The move further underlines Nestlé's commitment to the premium and luxury chocolate market. Nestlé is strong in the premium chocolate segment with brands such as Perugina, Baci, Nestlé Noir and Cailler. Nestlé is also the world's largest buyer of fine cocoa beans with local operations in key countries such as Ecuador and Venezuela, which account for over half of the world's production of fine beans.

Venezuela and Ecuador may account for more than half the world's production of fine flavor cocoa beans but the press release does not state the Nestlé actually uses those beans in any of its chocolates. In fact, none of the products mentioned above, with the possible exception of one or two of the Cailler bars meets the definition for "Premium" chocolate that the US industry uses, which is chocolate that retails for more than $15/lb.

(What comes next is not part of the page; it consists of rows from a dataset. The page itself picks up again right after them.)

(* [p_b] gets the value of the block and [x^+] a witness of it, chosen equal to [x^-] when
   [Gamma] asks for that. *)
Lemma block_solution b K (V1 V' : nat -> bool) : block_separated b K ->
  {in K ++ xminus b, V' =1 V1} -> exists V2,
  [/\ agree_off (bp b :: xplus b) V2 V', block_constraint V2 b
    & V2 (bp b) = eval (qform b) V1].
Proof.
move=> Hsep eqV'; have [/andP[Hup _] /andP[Hbp Hbm] Hmp HK Hvars] := block_separatedP Hsep.
have [W [WV1 HgW WT]] :=
  exists_quantifier_witness (bq b) (bX b) (bf b) V1 (fun x => V1 (xm (bp b) x)).
have [U [UV' UW]] := exists_valuation_on_image W V' Hup.
pose V2 v := if v == bp b then eval (qform b) V1 else U v.
have V2p : V2 (bp b) = eval (qform b) V1 by rewrite /V2 eqxx.
have V2U v : v != bp b -> V2 v = U v by rewrite /V2 => /negbTE ->.
have V2_plus x : x \in bX b -> V2 (xp (bp b) x) = W x.
  move=> Hx; rewrite V2U ?UW //; apply: contraNneq Hbp => <-; exact: mem_xplus.
have V2_minus x : x \in bX b -> V2 (xm (bp b) x) = V1 (xm (bp b) x).
  move=> Hx; have Hm := mem_xminus Hx.
  rewrite V2U; last by apply: contraNneq Hbm => <-.
  by rewrite UV' ?Hmp // eqV' // mem_cat Hm orbT.
have V2_K v : v \in K -> V2 v = V1 v.
  move=> Hv; have /and3P[Hne Hnp _] := HK v Hv.
  by rewrite V2U // UV' // eqV' // mem_cat Hv.
exists V2; split=> //.
- by move=> v; rewrite inE negb_or => /andP[Hne Hv]; rewrite V2U ?UV'.
rewrite /block_constraint (eval_sigma_i _ Hsep) V2p.
have -> : eval (bf b) (V2 \o rename_plus b) = eval (bf b) W.
  apply: eval_ext => y Hy; rewrite /= /rename_plus; case: ifP => Hx; first exact: V2_plus.
  by rewrite V2_K ?Hvars // WV1 ?Hx.
rewrite HgW eqxx /=; apply/implyP => /WT W_minus; apply/allP => x; rewrite mem_undup => Hx.
by rewrite V2_plus // V2_minus // W_minus.
Qed.

Definition forces (V V1 : nat -> bool) (b : qblock) :=
  forall V2, {in vars (qform b), V2 =1 V} -> {in xminus b, V2 =1 V1} ->
  block_constraint V2 b -> V2 (bp b) = eval (qform b) V.

(* [x^-] is set to a witness of the value of the block: if [p_b] took the other value,
   [Gamma] would make [x^+] copy [x^-] and so force [phi_b[x^+]], hence [p_b], to that value. *)
Lemma block_forcing b K (V V1' : nat -> bool) : block_separated b K ->
  exists V1, agree_off (xminus b) V1 V1' /\ forces V V1 b.
Proof.
move=> Hsep; have [/andP[_ Hum] _ _ _ _] := block_separatedP Hsep.
have [W [WV HgW _]] := exists_quantifier_witness (bq b) (bX b) (bf b) V V.
have [U [UV1' UW]] := exists_valuation_on_image W V1' Hum.
exists U; split=> // V2 V2V V2U /andP[/eqP]; rewrite (eval_sigma_i _ Hsep) => Hp.
set U2 := V2 \o rename_plus b in Hp *.
have U2V y : y \in vars (bf b) -> y \notin bX b -> U2 y = V y.
  by move=> Hy Hx; rewrite /U2 /= /rename_plus (negbTE Hx) V2V // mem_cat Hy orbT.
have U2W : copies_agree V2 b -> eval (bf b) U2 = eval (qform b) V.
  move=> /allP Hc; rewrite -HgW; apply: eval_ext => y Hy.
  case Hx: (y \in bX b); last by rewrite U2V ?Hx // WV ?Hx.
  move: (Hc y); rewrite mem_undup Hx => /(_ isT) /eqP.
  by rewrite /U2 /= /rename_plus Hx => ->; rewrite V2U ?mem_xminus // UW.
have [U' U'V EU'] := exists_variant_eval U2V.
have ex_intro : bq b = Qex -> eval (bf b) U2 -> eval (qform b) V.
  by move=> Eq Hg; rewrite /qform Eq /=; apply/asboolP; exists U'; rewrite EU'.
have all_elim : bq b = Qall -> eval (qform b) V -> eval (bf b) U2.
  by move=> Eq; rewrite /qform Eq /= -EU' => /asboolP; apply.
rewrite Hp; case Eq: (bq b); case E: (eval (bf b) U2) => Hguard; rewrite /= in Hguard.
- by rewrite ex_intro.
- by rewrite -U2W ?E.
- by rewrite -U2W ?E.
- by apply/esym/negbTE/negP => /(all_elim Eq); rewrite E.
Qed.

Lemma separated_block D K b : separated D K -> List.In b D -> block_separated b K.
Proof.
elim: D => //= b' D IH Hsep; have [HsepD Hsepb _] := separated_cons Hsep.
by case=> [<- //|Hb]; apply: IH HsepD Hb.
Qed.

Lemma exists_solution D K : separated D K -> forall V1, exists V2,
  [/\ agree_off (Pset D xp) V2 V1, forall b, List.In b D -> block_constraint V2 b
    & forall b, List.In b D -> V2 (bp b) = eval (qform b) V1].
Proof.
elim: D => [|b D IH] Hsep V1; first by exists V1.
have [HsepD Hsepb Hdisj] := separated_cons Hsep; have [_ HKD _] := HsepD.
have [V2' [V2'V1 HcD HvalD]] := IH HsepD V1.
have eqV' : {in K ++ xminus b, V2' =1 V1}.
  move=> v Hv; apply: V2'V1; apply/negP => /Pset_sub Hf.
  move: Hv; rewrite mem_cat (negbTE (HKD v Hf)) /= => /local_xminus.
  by apply/negP; apply: Hdisj; rewrite mem_cat Hf.
have [V2 [V2V2' Hcb Hvalb]] := block_solution Hsepb eqV'.
have eqV2 : {in fresh_vars D ++ K, V2 =1 V2'}.
  move=> v /Hdisj Hv; apply: V2V2'; apply: contra Hv; rewrite inE => /orP[/eqP->|].
    exact: local_bp.
  exact: local_xplus.
exists V2; split.
- move=> v; rewrite mem_Pset_cons !negb_or => /and3P[H1 H2 H3].
  by rewrite V2V2' ?inE ?negb_or ?H1 ?H2 // V2'V1.
- move=> b' [<- //|Hb'].
  rewrite (@block_constraint_ext _ _ _ V2' (separated_block HsepD Hb')) ?HcD // => v.
  rewrite mem_cat => /orP[/(local_vars_sub Hb') Hv|HvK];
    by rewrite eqV2 // mem_cat ?Hv ?HvK ?orbT.
- move=> b' [<- //|Hb']; rewrite eqV2 ?HvalD //.
  by rewrite mem_cat (local_vars_sub Hb') ?local_bp.
Qed.
Lemma add_neg x : ns_add x (neg x) = ns_zero.
Proof. rewrite <- opp_neg; apply ns_add_opp. Qed.

Lemma neg_add y z : neg (ns_add y z) = ns_add (neg y) (neg z).
Proof. apply ns_scal_distr_l. Qed.

Lemma add_neg_cancel y w : ns_add (ns_add y w) (neg y) = w.
Proof.
  rewrite (ns_add_comm _ y w), <- ns_add_assoc, add_neg. apply add_zero_r.
Qed.

Lemma add_swap (a b c d : X) : ns_add (ns_add a b) (ns_add c d) = ns_add (ns_add a c) (ns_add b d).
Proof.
  rewrite !ns_add_assoc. f_equal. rewrite <- !ns_add_assoc. f_equal. apply ns_add_comm.
Qed.

Lemma sub_decomp x y : x = ns_add y (ns_sub x y).
Proof.
  unfold ns_sub. rewrite ns_add_comm, <- ns_add_assoc, (ns_add_comm _ (ns_opp y) y), ns_add_opp.
  now rewrite add_zero_r.
Qed.

Lemma norm_zero : ns_norm (@ns_zero X) = 0.
Proof. rewrite <- (scal0 ns_zero), ns_norm_scal, Rabs_R0. ring. Qed.

Lemma norm_neg x : ns_norm (neg x) = ns_norm x.
Proof. unfold neg. rewrite ns_norm_scal, Rabs_left by lra. ring. Qed.

Lemma norm_zero_sub x : ns_norm (ns_sub ns_zero x) = ns_norm x.
Proof. unfold ns_sub. rewrite ns_add_zero, opp_neg. apply norm_neg. Qed.

End VectorAlgebra.

Arguments neg {X}.

Definition is_glbR (A : R -> Prop) (m : R) : Prop :=
  (forall r, A r -> m <= r) /\ (forall m', (forall r, A r -> m' <= r) -> m' <= m).

Definition infR (A : R -> Prop) : R :=
  match excluded_middle_informative (exists m, is_glbR A m) with
  | left H => proj1_sig (constructive_indefinite_description _ H)
  | right _ => 0
  end.

Lemma glb_exists (A : R -> Prop) :
  (exists r, A r) -> (exists b, forall r, A r -> b <= r) -> exists m, is_glbR A m.
Proof.
  intros [r Hr] [b Hb].
  destruct (completeness (fun x => A (- x))) as [m [Hub Hleast]].
  - exists (- b). intros x Hx. specialize (Hb _ Hx). lra.
  - exists (- r). now rewrite Ropp_involutive.
  - exists (- m). split.
    + intros s Hs. assert (- s <= m) by (apply Hub; cbv beta; now rewrite Ropp_involutive). lra.
    + intros m' Hm'. assert (m <= - m') by (apply Hleast; intros x Hx; specialize (Hm' _ Hx); lra).
      lra.
Qed.

Lemma infR_spec (A : R -> Prop) :
  (exists r, A r) -> (exists b, forall r, A r -> b <= r) -> is_glbR A (infR A).
Proof.
  intros Hne Hbd. unfold infR.
  destruct excluded_middle_informative as [H|H].
  - exact (proj2_sig (constructive_indefinite_description _ H)).
  - exfalso. exact (H (glb_exists A Hne Hbd)).
Qed.

Lemma glb_add (A1 A2 : R -> Prop) m m1 m2 :
  is_glbR A1 m1 -> is_glbR A2 m2 ->
  (forall r1 r2, A1 r1 -> A2 r2 -> m <= r1 + r2) -> m <= m1 + m2.
Proof.
  intros [_ G1] [_ G2] H.
  assert (H1 : forall r2, A2 r2 -> m - r2 <= m1).
  { intros r2 Hr2. apply G1. intros r1 Hr1. specialize (H r1 r2 Hr1 Hr2). lra. }
  assert (m - m1 <= m2) by (apply G2; intros r2 Hr2; specialize (H1 r2 Hr2); lra).
  lra.
Qed.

It will be interesting to see what the partnership ends up delivering. The average consumer doesn't know (and doesn't care) who Pierre Marcolini is. Still, they probably can't do a worse job than Hershey has done.
Never knew the world of chocolate could be so politically and financially predetermined. I understand the business aspect of the industry, but I don't understand if these manuvers will affect the ultimate processing of the chocolate. I'm just a chocolate lover, but in my opinion, the difference in taste and texture is vast.